Memory benchmark results. The y-axis represents the time it takes to write and clean heap memory in milliseconds. lower is better.
Disk evaluation
SysBench creates a specified number of files with a specified total size at the prepare stage, then at the run stage, each thread performs specified I/O operations on this set of files. If the global –validate option is used with the fileio test mode, SysBench performs checksums validation on all data read from the disk.
Below are two plots of sequential/random disk read benchmark results. The y-axis represents the time it takes to read 1GB of data in milliseconds. Lower is better.
Based on the two plots above it’s clear that AWS
wins random disk benchmark results, whereas GCP
dominates in the sequential disk read benchmark. AWS
instance provided almost the same experience in both random and sequential disk read performance evaluation. Nevertheless, the readings illustrate huge fluctuations in reading speed showing inconsistent quality of service. We use a standard persistent disk in our GCP
instance.
Conclusion
In conclusion and based on the results we can safely say, AWS
has substantial performance in the memory territory and great CPU performance as well when compared with GCP
platform.
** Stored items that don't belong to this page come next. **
Lemma seq_preimage (T : Type) (U : eqType) (f : T -> U) (P : pred T) (s : seq U) :
  (forall u, u \in s -> exists2 t, P t & u = f t) -> exists2 l, all P l & map f l = s.
Proof.
elim: s => [|u s IH] fs; first by exists [::].
have [t Pt ->] := fs u (mem_head _ _).
have [|l Pl <-] := IH; first by move=> u' u's; apply: fs; rewrite inE u's orbT.
by exists (t :: l); rewrite /= ?Pt.
Qed.

Lemma restrict_simplicial (V : finType) (e : rel V) (P : pred V) :
  simplicial e -> simplicial (restrict e P).
Proof. by case=> e_sym e_irr; split=> [x y|x]; [exact: e_sym | exact: e_irr]. Qed.

Theorem lemma4p2 (V : finType) (e : rel V) :
  simplicial e -> ~ has_SIL e ->
  exists (W : finType) (f : rel W),
    [/\ simplicial f,
        (forall C : {set W}, ~~ nafree_class f C) &
        grp_iso (RAAG e) (prod_grp (pow_grp F2 (num_nafree e)) (RAAG f))].
Proof.
move=> e_simpl noSIL; have [e_sym e_irr] := e_simpl.
pose classes := enum [set C | nafree_class e C].
have [l lj defl] : exists2 l, all (join_pair e) l & map pair_set l = classes.
  apply: seq_preimage => C; rewrite mem_enum inE.
  by case/(nafree_class_pair e_sym e_irr noSIL) => p; exists p.
have ld : disjoint_pairs l by apply: uniq_disjoint_pairs; rewrite // defl enum_uniq.
have size_l : num_nafree e = size l by rewrite /num_nafree cardE -/classes -defl size_map.
exists {v | outside_pairs l v}, (restrict e (outside_pairs l)); split.
- exact: restrict_simplicial.
- move=> C; apply: no_nafree_class_outside => // C' C'_free.
  by rewrite defl mem_enum inE.
- by rewrite size_l; exact: raag_join_pairs_iso.
Qed.
Lemma two_orbits p q1 q2 : is_flag F p -> is_flag F q1 -> is_flag F q2 ->
  ~ same_orbit F q1 q2 -> same_orbit F p q1 \/ same_orbit F p q2.
Proof.
case: classF => [[p1 [p2 [_ _ _ orbits]]] _ _ _] fp fq1 fq2 q12.
have [p_ | p_] := orbits p fp; have [q1_ | q1_] := orbits q1 fq1;
  have [q2_ | q2_] := orbits q2 fq2;
  try by case: q12; apply: same_orbit_trans (same_orbit_sym q1_) q2_.
all: have p_q := same_orbit_trans (same_orbit_sym p_).
all: by [left; apply: p_q | right; apply: p_q].
Qed.

Lemma Tgrp_swaps_succ k : exists2 t, t \in Tgrp F & ~~ swaps t k && swaps t (k + 1).
Proof.
set x : RV n := (false, inZn k).
set y : RV n := (false, inZn (k + 1)); set y' : RV n := (true, inZn (k + 1)).
have e'E : [set x; y'] \in redges n by apply: redges_adj; apply: cadj_succ.
have [f fl] := edge_flag (setU11 x [set y]) (redges_adj (cadj_succ k : radj x y)).
have [f1 [f2 [f12 f1F f2F e'f1 e'f2]]] := edge_faces e'E.
have fl1 : is_flag F (x, [set x; y'], f1) by split; rewrite ?setU11.
have fl2 : is_flag F (x, [set x; y'], f2) by split; rewrite ?setU11.
have not12 : ~ same_orbit F (x, [set x; y'], f1) (x, [set x; y'], f2).
  by case: classF => _ _ _; apply.
(* The two flags at u_k on the edge {u_k, v_(k+1)} represent both orbits, and an
   automorphism taking (u_k, {u_k, u_(k+1)}, f) to one of them fixes all fibres. *)
suff orbit_swaps q : same_orbit F (x, [set x; y], f) q -> q.1 = (x, [set x; y']) ->
    exists2 t, t \in Tgrp F & ~~ swaps t k && swaps t (k + 1).
  by case: (two_orbits fl fl1 fl2 not12) => /orbit_swaps; apply.
case=> g Ag <- [gx ge].
have gy : g y = y'.
  have : g y \in [set x; y'] by rewrite -ge imset_f // !inE eqxx orbT.
  rewrite !inE => /orP[/eqP gyx | /eqP //].
  have x_y : x != y by rewrite xpair_eqE eqxx eq_sym inZnD1_neq.
  by move: x_y; rewrite -(inj_eq (@perm_inj _ g)) gx gyx eqxx.
have g_blk : forall j, blk g j = j.
  by apply: (blk_fix2 (k := k)); rewrite // /blk -/x -/y ?gx ?gy.
have gN : g \in Ngrp n by apply/NgrpP => -[b j]; rewrite aut_blkE.
exists g; first exact/TgrpP.
by rewrite /swaps -/x -/y gx gy eqxx.
Qed.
Nevertheless, the collected performance readings are prone to change depending on the instance’s hardware specifications and upgrades.
AWS
is more suitable for CPU and memory-hungry applications such as graphical applications. GCP
offers more stable service and way better disk performance in terms of sequential read, which makes it more favourable for applications that read and write loads of data to the disk.